[Opening Input for this task section]

(* Let $G$ be a complete split graph with vertex set $Q'\cup S'$ (disjoint), where $|Q'|\geq 1$, $|S'|\geq 2$, $Q'$ is a clique, $S'$ is a stable set, and every vertex of $Q'$ is adjacent to every vertex of $S'$. Then $\eta(G)=|Q'|$.
   Context: All graphs are finite, simple and undirected. For a vertex $v$, $N(v)$ is its set of neighbours. For a positive integer $k$, $[k]=\{1,\dots,k\}$. For a labeling $f:V(G)\to[k]$ and $S\subseteq V(G)$, $f(S)=\sum_{u\in S}f(u)$. A labeling $f:V(G)\to[k]$ is an additive $k$-coloring if $f(N(u))\neq f(N(v))$ for every edge $(u,v)$ of $G$. The additive chromatic number $\eta(G)$ is the least $k$ for which $G$ has an additive $k$-coloring. *)

From mathcomp Require Import all_boot.
Set Implicit Arguments. Unset Strict Implicit. Unset Printing Implicit Defensive.

Definition simple_graph (T : finType) (e : rel T) : Prop :=
  symmetric e /\ irreflexive e.

Definition nbhd (T : finType) (e : rel T) (v : T) : {set T} := [set u | e v u].

Definition fsum (T : finType) (f : T -> nat) (S : {set T}) : nat :=
  \sum_(u in S) f u.

Definition additive_coloring (T : finType) (e : rel T) (k : nat) (f : T -> nat) : Prop :=
  (forall v, 1 <= f v <= k) /\
  (forall u v, e u v -> fsum f (nbhd e u) <> fsum f (nbhd e v)).

Definition has_additive_coloring (T : finType) (e : rel T) (k : nat) : Prop :=
  exists f : T -> nat, additive_coloring e k f.

Definition additive_chromatic_number_is (T : finType) (e : rel T) (k : nat) : Prop :=
  0 < k /\ has_additive_coloring e k /\
  (forall k', 0 < k' -> has_additive_coloring e k' -> k <= k').

Definition complete_split (T : finType) (e : rel T) (Q S : {set T}) : Prop :=
  [disjoint Q & S] /\ Q :|: S = [set: T] /\
  (forall x y, x \in Q -> y \in Q -> x != y -> e x y) /\
  (forall x y, x \in S -> y \in S -> ~~ e x y) /\
  (forall x y, x \in Q -> y \in S -> e x y && e y x).

From mathcomp Require Import all_boot.
From mathcomp Require Import zify.
Set Implicit Arguments. Unset Strict Implicit. Unset Printing Implicit Defensive.

(* Every vertex q of the clique Q is universal, so f(N(q)) = f(V) - f(q); hence
   an additive colouring is injective on Q and needs at least |Q| colours.
   Conversely, colour Q injectively by 1..|Q| and all of S by |Q|: adjacent
   vertices of Q get distinct sums, and since f(N(s)) = f(Q) for s in S while
   f(N(q)) = f(Q) + |S||Q| - f(q) >= f(Q) + |Q| for q in Q (as |S| >= 2),
   edges between Q and S are fine too. *)

Lemma fsum_setD1 (T : finType) (f : T -> nat) (A : {set T}) x :
  x \in A -> fsum f (A :\ x) + f x = fsum f A.
Proof.
move=> xA; rewrite /fsum [in RHS](bigD1 x) //= addnC; congr (_ + _).
by apply: eq_bigl => y; rewrite !inE andbC.
Qed.

Lemma fsum_setU (T : finType) (f : T -> nat) (A B : {set T}) :
  [disjoint A & B] -> fsum f (A :|: B) = fsum f A + fsum f B.
Proof. by move=> dAB; rewrite /fsum -(bigU _ _ _ dAB); apply: eq_bigl => y; rewrite !inE. Qed.

Lemma card_le_of_inj_bounded (T : finType) (A : {set T}) (f : T -> nat) k :
  {in A &, injective f} -> (forall x, x \in A -> 1 <= f x <= k) -> #|A| <= k.
Proof.
move=> f_inj f_bd.
have := @uniq_leq_size _ [seq f x | x <- enum A] (iota 1 k).
rewrite size_map size_iota -cardE; apply.
- by rewrite map_inj_in_uniq ?enum_uniq // => x y; rewrite !mem_enum; apply: f_inj.
- by move=> y /mapP [x]; rewrite mem_enum => /f_bd xA ->; rewrite mem_iota; lia.
Qed.

Lemma additive_coloring_neq_universal (T : finType) (e : rel T) k f u v :
  additive_coloring e k f -> e u v ->
  nbhd e u = [set: T] :\ u -> nbhd e v = [set: T] :\ v -> f u != f v.
Proof.
move=> [_ f_add] euv Nu Nv; apply/eqP => fuv; apply: (f_add u v euv).
rewrite Nu Nv; apply/eqP.
by rewrite -(eqn_add2r (f u)) {2}fuv !fsum_setD1 ?inE.
Qed.

Section CompleteSplit.
Variables (T : finType) (e : rel T) (Q S : {set T}).
Hypotheses (e_simple : simple_graph e) (e_split : complete_split e Q S).

Lemma in_split_S x : x \notin Q -> x \in S.
Proof.
case: e_split => _ [QUS _] xNQ.
by have := in_setT x; rewrite -QUS inE (negbTE xNQ).
Qed.

Lemma split_notin_S x : x \in Q -> x \notin S.
Proof. by case: e_split => dQS _ xQ; rewrite (disjointFr dQS xQ). Qed.

Lemma nbhd_split_clique x : x \in Q -> nbhd e x = [set: T] :\ x.
Proof.
move=> xQ; case: e_simple => _ e_irr; case: e_split => _ [_ [eQQ [_ eQS]]].
apply/setP => y; rewrite !inE andbT.
have [->|yNx] := eqVneq y x; first by rewrite e_irr.
have [yQ|/in_split_S yS] := boolP (y \in Q); first by apply: eQQ; rewrite // eq_sym.
by case/andP: (eQS x y xQ yS).
Qed.

Lemma nbhd_split_stable x : x \in S -> nbhd e x = Q.
Proof.
move=> xS; case: e_split => _ [_ [_ [eSS eQS]]].
apply/setP => y; rewrite inE.
have [yQ|/in_split_S yS] := boolP (y \in Q); first by case/andP: (eQS y x yQ xS).
exact: negbTE (eSS x y xS yS).
Qed.

Lemma fsum_split (f : T -> nat) : fsum f [set: T] = fsum f Q + fsum f S.
Proof. by case: e_split => dQS [<- _]; rewrite fsum_setU. Qed.

Lemma additive_coloring_inj_clique k f :
  additive_coloring e k f -> {in Q &, injective f}.
Proof.
case: e_split => _ [_ [eQQ _]] f_col u v uQ vQ fuv; apply/eqP/negPn/negP => uNv.
have := additive_coloring_neq_universal f_col (eQQ u v uQ vQ uNv)
  (nbhd_split_clique uQ) (nbhd_split_clique vQ).
by rewrite fuv eqxx.
Qed.

Lemma split_colors_lower_bound k : has_additive_coloring e k -> #|Q| <= k.
Proof.
move=> [f f_col]; apply: card_le_of_inj_bounded (additive_coloring_inj_clique f_col) _.
by move=> x _; case: f_col => f_bd _; apply: f_bd.
Qed.

Definition split_coloring (x : T) : nat :=
  if x \in Q then (index x (enum Q)).+1 else #|Q|.

Lemma split_coloring_clique_bounds x : x \in Q -> 1 <= split_coloring x <= #|Q|.
Proof. by move=> xQ; rewrite /split_coloring xQ /= cardE index_mem mem_enum. Qed.

Lemma fsum_split_coloring_stable : fsum split_coloring S = #|S| * #|Q|.
Proof.
rewrite /fsum (eq_bigr (fun _ => #|Q|)) ?sum_nat_const // => y yS.
by rewrite /split_coloring; case: ifP => // /split_notin_S; rewrite yS.
Qed.

Lemma split_coloring_clique_lt_stable u v :
  2 <= #|S| -> u \in Q -> v \in S ->
  fsum split_coloring (nbhd e v) < fsum split_coloring (nbhd e u).
Proof.
move=> S_ge2 uQ vS; rewrite nbhd_split_stable // nbhd_split_clique //.
have := fsum_setD1 split_coloring (in_setT u).
rewrite fsum_split fsum_split_coloring_stable.
have := split_coloring_clique_bounds uQ; have := leq_mul S_ge2 (leqnn #|Q|); lia.
Qed.

Lemma split_coloring_additive :
  1 <= #|Q| -> 2 <= #|S| -> additive_coloring e #|Q| split_coloring.
Proof.
move=> Q_ge1 S_ge2; case: e_split => _ [_ [_ [eSS _]]].
have inj : {in Q &, injective split_coloring}.
  move=> u v uQ vQ; rewrite /split_coloring uQ vQ => -[].
  by apply: index_inj; rewrite ?mem_enum.
split=> [v | u v euv].
  case: (boolP (v \in Q)) => [/split_coloring_clique_bounds //|vNQ].
  by rewrite /split_coloring (negbTE vNQ) Q_ge1 leqnn.
have [uQ|/in_split_S uS] := boolP (u \in Q); have [vQ|/in_split_S vS] := boolP (v \in Q).
- rewrite !nbhd_split_clique // => /eqP; rewrite -(eqn_add2r (split_coloring u)).
  rewrite fsum_setD1 ?inE // -(fsum_setD1 split_coloring (in_setT v)) eqn_add2l.
  move=> /eqP/(inj v u vQ uQ) vu; case: e_simple => _ e_irr.
  by move: euv; rewrite vu e_irr.
- by move/eqP; rewrite gtn_eqF ?split_coloring_clique_lt_stable.
- by move/eqP; rewrite ltn_eqF ?split_coloring_clique_lt_stable.
- by move: euv; rewrite (negbTE (eSS u v uS vS)).
Qed.

End CompleteSplit.

Theorem mainTheorem11 (T : finType) (e : rel T) (Q S : {set T}) :
  simple_graph e -> complete_split e Q S ->
  1 <= #|Q| -> 2 <= #|S| ->
  additive_chromatic_number_is e #|Q|.
Proof.
move=> e_simple e_split Q_ge1 S_ge2; split=> //; split.
- by exists (split_coloring Q); apply: split_coloring_additive e_simple e_split _ _.
- by move=> k _; apply: split_colors_lower_bound e_simple e_split k.
Qed.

[Closing Input for this task section]

- **Problem**: Looking at the entries above, can you reproduce exactly the lines from the one that holds "rewrite // eq_sym." through the one that holds "rewrite fsum_split fsum_split_coloring_stable.", and only those?

- **Reply**:
have [yQ|/in_split_S yS] := boolP (y \in Q); first by apply: eQQ; rewrite // eq_sym.
by case/andP: (eQS x y xQ yS).
Qed.

Lemma nbhd_split_stable x : x \in S -> nbhd e x = Q.
Proof.
move=> xS; case: e_split => _ [_ [_ [eSS eQS]]].
apply/setP => y; rewrite inE.
have [yQ|/in_split_S yS] := boolP (y \in Q); first by case/andP: (eQS y x yQ xS).
exact: negbTE (eSS x y xS yS).
Qed.

Lemma fsum_split (f : T -> nat) : fsum f [set: T] = fsum f Q + fsum f S.
Proof. by case: e_split => dQS [<- _]; rewrite fsum_setU. Qed.

Lemma additive_coloring_inj_clique k f :
  additive_coloring e k f -> {in Q &, injective f}.
Proof.
case: e_split => _ [_ [eQQ _]] f_col u v uQ vQ fuv; apply/eqP/negPn/negP => uNv.
have := additive_coloring_neq_universal f_col (eQQ u v uQ vQ uNv)
  (nbhd_split_clique uQ) (nbhd_split_clique vQ).
by rewrite fuv eqxx.
Qed.

Lemma split_colors_lower_bound k : has_additive_coloring e k -> #|Q| <= k.
Proof.
move=> [f f_col]; apply: card_le_of_inj_bounded (additive_coloring_inj_clique f_col) _.
by move=> x _; case: f_col => f_bd _; apply: f_bd.
Qed.

Definition split_coloring (x : T) : nat :=
  if x \in Q then (index x (enum Q)).+1 else #|Q|.

Lemma split_coloring_clique_bounds x : x \in Q -> 1 <= split_coloring x <= #|Q|.
Proof. by move=> xQ; rewrite /split_coloring xQ /= cardE index_mem mem_enum. Qed.

Lemma fsum_split_coloring_stable : fsum split_coloring S = #|S| * #|Q|.
Proof.
rewrite /fsum (eq_bigr (fun _ => #|Q|)) ?sum_nat_const // => y yS.
by rewrite /split_coloring; case: ifP => // /split_notin_S; rewrite yS.
Qed.

Lemma split_coloring_clique_lt_stable u v :
  2 <= #|S| -> u \in Q -> v \in S ->
  fsum split_coloring (nbhd e v) < fsum split_coloring (nbhd e u).
Proof.
move=> S_ge2 uQ vS; rewrite nbhd_split_stable // nbhd_split_clique //.
have := fsum_setD1 split_coloring (in_setT u).
rewrite fsum_split fsum_split_coloring_stable.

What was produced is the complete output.